De la construction mimique
Jean-Jacques Valade-Gabel, Lettres, notes et rapports de J.-J. Valade-Gabel,… [avec une introduction d’André Valade-Gabel.], Grasse, 1894
De la construction mimique, pages 257-262
https://gallica.bnf.fr/ark:/12148/bpt6k854998v/f5.item
- Vous avez dit précédemment que les signes mimiques ne peuvent suivre l’ordre de la phrase française.
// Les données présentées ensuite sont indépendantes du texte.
Lemma is_derive_derive1n {R : realType} {h : R -> R} {k : nat} {x : R} :
  derivable (derive1n k h) x 1 -> is_derive x 1 (derive1n k h) (derive1n k.+1 h x).
Proof. by move=> hk; apply: DeriveDef => //; rewrite derive1nS derive1E. Qed.

Section Leibniz.
Context {R : realType} {f g : R -> R}.
Hypotheses (f_smooth : forall k x, derivable (derive1n k f) x 1)
           (g_smooth : forall k x, derivable (derive1n k g) x 1).

Lemma derive1n_mul n x : derive1n n (fun y => f y * g y) x =
  \sum_(k < n.+1) 'C(n, k)%:R * (derive1n k f x * derive1n (n - k)%N g x).
Proof.
elim: n x => [|n IHn] x; first by rewrite big_ord1 /= mul1r.
rewrite derive1nS derive1E
  -(@sum_binomial_pascal _ (fun k => derive1n k f x) (fun k => derive1n k g x)).
have -> : derive1n n (fun y => f y * g y) =
    \sum_(k < n.+1) (fun y => 'C(n, k)%:R * (derive1n k f y * derive1n (n - k)%N g y)).
  by apply/funext => y; rewrite fct_sumE IHn.
have D k : is_derive x 1 (fun y => 'C(n, k)%:R * (derive1n k f y * derive1n (n - k)%N g y))
    ('C(n, k)%:R * (derive1n k f x * derive1n (n - k)%N.+1 g x +
                    derive1n k.+1 f x * derive1n (n - k)%N g x)).
  have := is_deriveZ ('C(n, k)%:R) (is_deriveM (is_derive_derive1n (f_smooth k x))
                                        (is_derive_derive1n (g_smooth (n - k)%N x))).
  by rewrite [_ *: derive1n k.+1 f x]mulrC.
by have [_ ->] := is_derive_sum (fun k : 'I_n.+1 => D k).
Qed.

End Leibniz.

Section ExpCombinations.
Context {R : realType}.

Definition expcomb (a b k c l : R) (x : R) : R :=
  a + b * expR (k * x) + c * expR (l * x).

Lemma is_derive_expR_scale (k x : R) :
  is_derive x 1 (fun y => expR (k * y)) (expR (k * x) * k).
Proof.
have Dk : is_derive x 1 (fun y : R => k * y) k.
  by rewrite -[X in is_derive _ _ _ X]mulr1; exact: is_deriveZ.
exact: (is_derive1_comp (f := expR) (is_derive_expR _) Dk).
Qed.

Lemma is_derive_expcomb (a b k c l x : R) :
  is_derive x 1 (expcomb a b k c l) (expcomb 0 (b * k) k (c * l) l x).
Proof.
have D := is_deriveD (is_deriveD (is_derive_cst a x 1)
  (is_deriveZ b (is_derive_expR_scale k x))) (is_deriveZ c (is_derive_expR_scale l x)).
suff -> : expcomb 0 (b * k) k (c * l) l x =
  0 + b *: (expR (k * x) * k) + c *: (expR (l * x) * l) by exact: D.
by rewrite /expcomb /= -!mulrA !(mulrC k) !(mulrC l).
Qed.

Lemma derive1n_expcomb n (a b k c l : R) :
  derive1n n (expcomb a b k c l) =
  expcomb (if n == 0%N then a else 0) (b * k ^+ n) k (c * l ^+ n) l.
Proof.
elim: n => [|n IHn]; first by rewrite /= !mulr1.
apply/funext => x; rewrite derive1nS IHn derive1E.
have [_ ->] := is_derive_expcomb (if n == 0%N then a else 0) (b * k ^+ n) k (c * l ^+ n) l x.
by rewrite !exprSr !mulrA.
Qed.

Lemma derivable_derive1n_expcomb (a b k c l : R) n (x : R) :
  derivable (derive1n n (expcomb a b k c l)) x 1.
Proof.
rewrite derive1n_expcomb.
by case: (is_derive_expcomb (if n == 0%N then a else 0) (b * k ^+ n) k (c * l ^+ n) l x).
Qed.

Lemma expcomb0 (a b k c l : R) : expcomb a b k c l 0 = a + b + c.
Proof. by rewrite /expcomb !mulr0 expR0 !mulr1. Qed.

Lemma tanhRE : @tanhR R = fun x => expcomb 0 1 1 (-1) (-1) x / expcomb 0 1 1 1 (-1) x.
Proof. by apply/funext => x; rewrite /tanhR /expcomb !add0r !mul1r !mulN1r. Qed.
A quoi cela tient-il ?
R. Cela tient : 1° à ce que ce langage se rapproche de l’art du dessin, et doit, comme lui, faire image, — 2° à ce que les signes ne s’infléchissent pas pour exprimer le nombre, le genre, la personne, les temps, — 3° à ce que le souvenir de chaque signe ne se conserve pas aussi bien que le souvenir de chaque mot, — 4° à ce que ce langage, très pauvre de conjonctions, supprime fort souvent les prépositions.
D. Par quel ensemble de moyens le langage mimique parvient-il à exprimer les rapports des signes entre eux et des idées entre elles ?
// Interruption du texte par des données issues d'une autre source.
(* Suppose each $f_i$ is continuously differentiable and there exist $\mu>0$, $L>0$ with $-L\le\frac1{M_i}f_i'(w)\le-\mu$ for all $i$ and all $w\in\mathbb R$. Let $\omega_b$ solve the blended dynamics and let $\tilde f(t):=Y^TM^{-1/2}\big(f(\mathbb 1_N\omega_b(t))+\xi(t)\big)$. If $C:=\max_{i}\sup_{t>0}|\dot\xi_i(t)|/M_i$ is finite, then for all $t>0$, $$\Big|\frac{d\tilde f}{dt}\Big|^2\le 2NM_bC^2\Big(1+\frac L\mu\Big)^2+\frac{2NL^2}{M_b}\,|f_b(\omega_b(0))+\xi_b(0_+)|^2e^{-2\mu t}.$$ If $C_{\lim}:=\max_i\limsup_{t\to\infty}|\dot\xi_i(t)|/M_i$ is finite, then $$\limsup_{t\to\infty}\Big|\frac{d\tilde f}{dt}\Big|^2\le 2NM_bC_{\lim}^2\Big(1+\frac L\mu\Big)^2.$$
   Context: $N\ge2$ nodes with $M_i>0$, $M=\mathrm{diag}(M_1,\dots,M_N)$, $M_b=\frac1N\sum_iM_i$; functions $f_i:\mathbb R\to\mathbb R$ with $f_i(0)=0$, $f(\omega)=(f_1(\omega_1),\dots,f_N(\omega_N))^T$, $f_b(w)=\frac1N\sum_if_i(w)$. Disturbances $\xi=(\xi_1,\dots,\xi_N)^T$ are continuously differentiable on $(0,\infty)$, possibly with a finite jump at $t=0$ ($\xi(0_+)$ the right limit); $\xi_b=\frac1N\sum_i\xi_i$. The blended dynamics is the scalar ODE $M_b\dot\omega_b=f_b(\omega_b)+\xi_b(t)$ with some initial value $\omega_b(0)$. $\mathbb 1_N$ is the all-ones vector, and $Y\in\mathbb R^{N\times(N-1)}$ is a matrix whose columns form an orthonormal basis of the null space of $\mathbb 1_N^TM^{1/2}$. $|\cdot|$ is the Euclidean norm. *)

From mathcomp Require Import all_boot all_order all_algebra.
From mathcomp Require Import all_classical all_reals all_analysis.
Import Order.TTheory GRing.Theory Num.Theory numFieldTopology.Exports numFieldNormedType.Exports.

Set Implicit Arguments.
Unset Strict Implicit.
Unset Printing Implicit Defensive.

Local Open Scope classical_set_scope.
Local Open Scope ring_scope.

Section Defs.
Variables (R : realType) (N : nat).

Definition Mbar (M : 'I_N -> R) : R := N%:R^-1 * \sum_(i < N) M i.

Definition fbar (f : 'I_N -> R -> R) (w : R) : R := N%:R^-1 * \sum_(i < N) f i w.

Definition xibar (xi : 'I_N -> R -> R) (t : R) : R := N%:R^-1 * \sum_(i < N) xi i t.

(* M^{1/2} as a row vector 1_N^T M^{1/2} *)
Definition onesT_Msqrt (M : 'I_N -> R) : 'rV[R]_N := \row_i Num.sqrt (M i).

Definition Minvsqrt (M : 'I_N -> R) : 'M[R]_N := diag_mx (\row_i (Num.sqrt (M i))^-1).

Definition orthonormal_null_basis (M : 'I_N -> R) (Y : 'M[R]_(N, N.-1)) : Prop :=
  [/\ Y^T *m Y = 1%:M,
      onesT_Msqrt M *m Y = 0
    & forall v : 'cV[R]_N, onesT_Msqrt M *m v = 0 -> exists c : 'cV[R]_(N.-1), v = Y *m c].

Definition blended_solution (M : 'I_N -> R) (f xi : 'I_N -> R -> R) (omb : R -> R) : Prop :=
  omb t @[t --> 0^'+] --> omb 0 /\
  forall t : R, 0 < t ->
    derivable omb t 1 /\ Mbar M * derive1 omb t = fbar f (omb t) + xibar xi t.

Definition tilde_f (M : 'I_N -> R) (Y : 'M[R]_(N, N.-1)) (f xi : 'I_N -> R -> R)
  (omb : R -> R) (t : R) : 'cV[R]_(N.-1) :=
  Y^T *m Minvsqrt M *m (\col_i (f i (omb t) + xi i t)).

Definition eucl_sq (n : nat) (v : 'cV[R]_n) : R := \sum_(k < n) (v k 0) ^+ 2.

Definition xi_rate_set (M : 'I_N -> R) (xi : 'I_N -> R -> R) (i : 'I_N) : set R :=
  [set `|derive1 (xi i) t| / M i | t in [set t : R | 0 < t]].

Definition Cxi (M : 'I_N -> R) (xi : 'I_N -> R -> R) : R :=
  \big[Num.max/0]_(i < N) sup (xi_rate_set M xi i).

Definition limsup_pinfty (g : R -> R) : \bar R :=
  limf_esup (fun t : R => (g t)%:E) (pinfty_nbhs R).

Definition Clim_xi (M : 'I_N -> R) (xi : 'I_N -> R -> R) : \bar R :=
  \big[Order.max/-oo%E]_(i < N) limsup_pinfty (fun t => `|derive1 (xi i) t| / M i).

End Defs.

(* The mean forcing z := f_b(omb) + xi_b = M_b omb' satisfies z' = k z + xi_b' with
   k = f_b'(omb) / M_b <= - mu and |xi_b'| <= M_b C, so comparison with the solution of
   g' = - mu g + M_b C gives |z t| <= |z T0| e^(- mu (t - T0)) + M_b C / mu.  The i-th entry
   of M^(-1/2) (f(1 omb) + xi)' is sqrt M_i (f_i'(omb) omb' + xi_i') / M_i, of modulus at most
   sqrt M_i (L |omb'| + C), and Y^T is a contraction, so |tilde f'|^2 <= N M_b (L |omb'| + C)^2;
   substituting |omb'| = |z| / M_b and (a + b)^2 <= 2 a^2 + 2 b^2 gives the bound for t > 0.
   For the limsup, start the same estimate at a time after which every rate is below
   C_lim + d, let t -> oo and then d -> 0. *)

From mathcomp Require Import all_boot all_order all_algebra.
From mathcomp Require Import all_classical all_reals all_analysis.
From mathcomp Require Import ring lra.
Import Order.TTheory GRing.Theory Num.Theory numFieldTopology.Exports numFieldNormedType.Exports.
Local Open Scope classical_set_scope.
Local Open Scope ring_scope.

Section euclidean.
Context {R : realType}.

Lemma eucl_sq_ge0 n (v : 'cV[R]_n) : 0 <= eucl_sq v.
Proof. by apply: sumr_ge0 => k _; exact: sqr_ge0. Qed.

Lemma eucl_sqE n (v : 'cV[R]_n) : eucl_sq v = (v^T *m v) 0 0.
Proof. by rewrite mxE; apply: eq_bigr => k _; rewrite !mxE expr2. Qed.

Lemma eucl_sq_diag_mx n (d : 'rV[R]_n) (v : 'cV[R]_n) :
  eucl_sq (diag_mx d *m v) = \sum_(i < n) (d 0 i * v i 0) ^+ 2.
Proof. by apply: eq_bigr => i _; rewrite mul_diag_mx mxE. Qed.

(* Pythagoras for the splitting w = Y (Y^T w) + (w - Y (Y^T w)) into orthogonal parts. *)
Lemma eucl_sq_trmx_mul_le n m (Y : 'M[R]_(n, m)) (w : 'cV[R]_n) :
  Y^T *m Y = 1%:M -> eucl_sq (Y^T *m w) <= eucl_sq w.
Proof.
move=> YY; set u := Y^T *m w; set q := w - Y *m u.
have Yq : Y^T *m q = 0 by rewrite mulmxBr mulmxA YY mul1mx subrr.
have qY : q^T *m Y = 0 by rewrite -[Y]trmxK -trmx_mul Yq trmx0.
have wE : w = Y *m u + q by rewrite addrC subrK.
clearbody u q; subst w.
have -> : eucl_sq (Y *m u + q) = eucl_sq u + eucl_sq q.
  rewrite !eucl_sqE [(_ + q)^T]raddfD /= trmx_mul mulmxDl !mulmxDr -!mulmxA Yq mulmx0.
  by rewrite (mulmxA Y^T) YY mul1mx mulmxA qY mul0mx addr0 add0r !mxE.
by rewrite lerDl eucl_sq_ge0.
Qed.

End euclidean.

Section calculus.
Context {R : realType}.
Implicit Types (h z : R -> R) (t x : R).

Lemma derivable1_continuous h x : derivable h x 1 -> {for x, continuous h}.
Proof. by move=> /derivable1_diffP /differentiable_continuous. Qed.

Lemma is_derive_sum_mul n (a : 'I_n -> R) (h : 'I_n -> R -> R) (dh : 'I_n -> R) x :
  (forall i, is_derive x 1 (h i) (dh i)) ->
  is_derive x 1 (fun s => \sum_(i < n) a i * h i s) (\sum_(i < n) a i * dh i).
Proof.
move=> hd; have -> : (fun s => \sum_(i < n) a i * h i s) = \sum_(i < n) (a i *: h i).
  by apply/funext => s; rewrite fct_sumE.
exact: is_derive_sum.
Qed.

Lemma is_derive_mulmx_col m n (A : 'M[R]_(m, n)) (g : 'I_n -> R -> R) (dg : 'I_n -> R) t :
  (forall i, is_derive t 1 (g i) (dg i)) ->
  is_derive t 1 (fun s => A *m \col_i g i s) (A *m \col_i dg i).
Proof.
move=> gd.
have entryE (c : 'I_n -> R) k j : (A *m \col_i c i) k j = \sum_i A k i * c i.
  by rewrite mxE; apply: eq_bigr => i _; rewrite mxE.
have entry k j : is_derive t 1 (fun s => (A *m \col_i g i s) k j) (\sum_i A k i * dg i).
  under eq_fun do rewrite entryE.
  exact: is_derive_sum_mul.
have Ad : derivable (fun s => A *m \col_i g i s) t 1.
  by apply/derivable_mxP => k j; have [] := entry k j.
apply: DeriveDef => //; rewrite derive_mx //.
by apply/matrixP => k j; rewrite [RHS]entryE mxE derive_val.
Qed.

Lemma is_derive_decay (c a t0 K t : R) :
  is_derive t 1 (fun s => c * expR (a * (s - t0)) + K) (a * (c * expR (a * (t - t0)))).
Proof.
have affine : is_derive t 1 (fun s => a * (s - t0)) a.
  have -> : (fun s => a * (s - t0)) = a \*: (id - cst t0) by [].
  by apply: is_derive_eq; rewrite subr0 /GRing.scale /= mulr1.
have -> : (fun s => c * expR (a * (s - t0)) + K) =
    c \*: (expR \o (fun s => a * (s - t0))) + cst K by [].
by apply: is_derive_eq; rewrite addr0 /GRing.scale /=; ring.
Qed.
R Par la succession des signes, — par leur disposition dans l’espace, — par le changement de place de celui qui fait les signes, — et par la direction des mouvements qui constituent le signe-verbe.
D. Veuillez, par un exemple, faire sentir l’importance de la succession ou de l’ordre dans lequel les signes doivent s’effectuer.
R. Si, pour rendre la pensée exprimée par ces mots : le chasseur poursuit un cerf, je fais d’abord le signe de chasseur et puis celui de cerf, le cerf semble pour suivre et non point être poursuivi ; j’ai dit tout le contraire de ce que j’ai voulu faire entendre. De même si pour dire : l’armoire est dans la chambre, je fais d’abord le signe d’armoire, j’ai dit la chambre est dans l’armoire et non point l’armoire est dans la chambre.
D. Quelle preuve donnez-vous à l’appui de votre assertion ?
R. Celle-ci : invitez par signes un sourd-muet intelligent à placer un livre sur une boîte, si vous avez fait les signes dans l’ordre de la phrase française, vous verrez qu’il placera la boite sur le livre. De même si vous dites, en produisant les signes dans l’ordre suivant : Michel a poignardé un gendarme, le sourd-muet manifestera une grande horreur contre le gendarme, preuve certaine qu’il voit en celui-ci, non la victime, mais l’assassin.
D. Dans quel ordre rangerez-vous les signes exprimant les pensées suivantes: Je suis souffrant. — Je soupire. — Tu n’es pas sage. — Tu ne travailles pas ?
R. Dans toutes ces propositions qui n’ont ni régime ni complément, on doit exprimer d’abord le sujet, puis l’attribut ou le verbe attributif ; — l’affirmation reste sous-entendue ; — la négation se met en dernier lieu : Je souffrant. — Je soupire. — Tu sage non. — Tu travailles non.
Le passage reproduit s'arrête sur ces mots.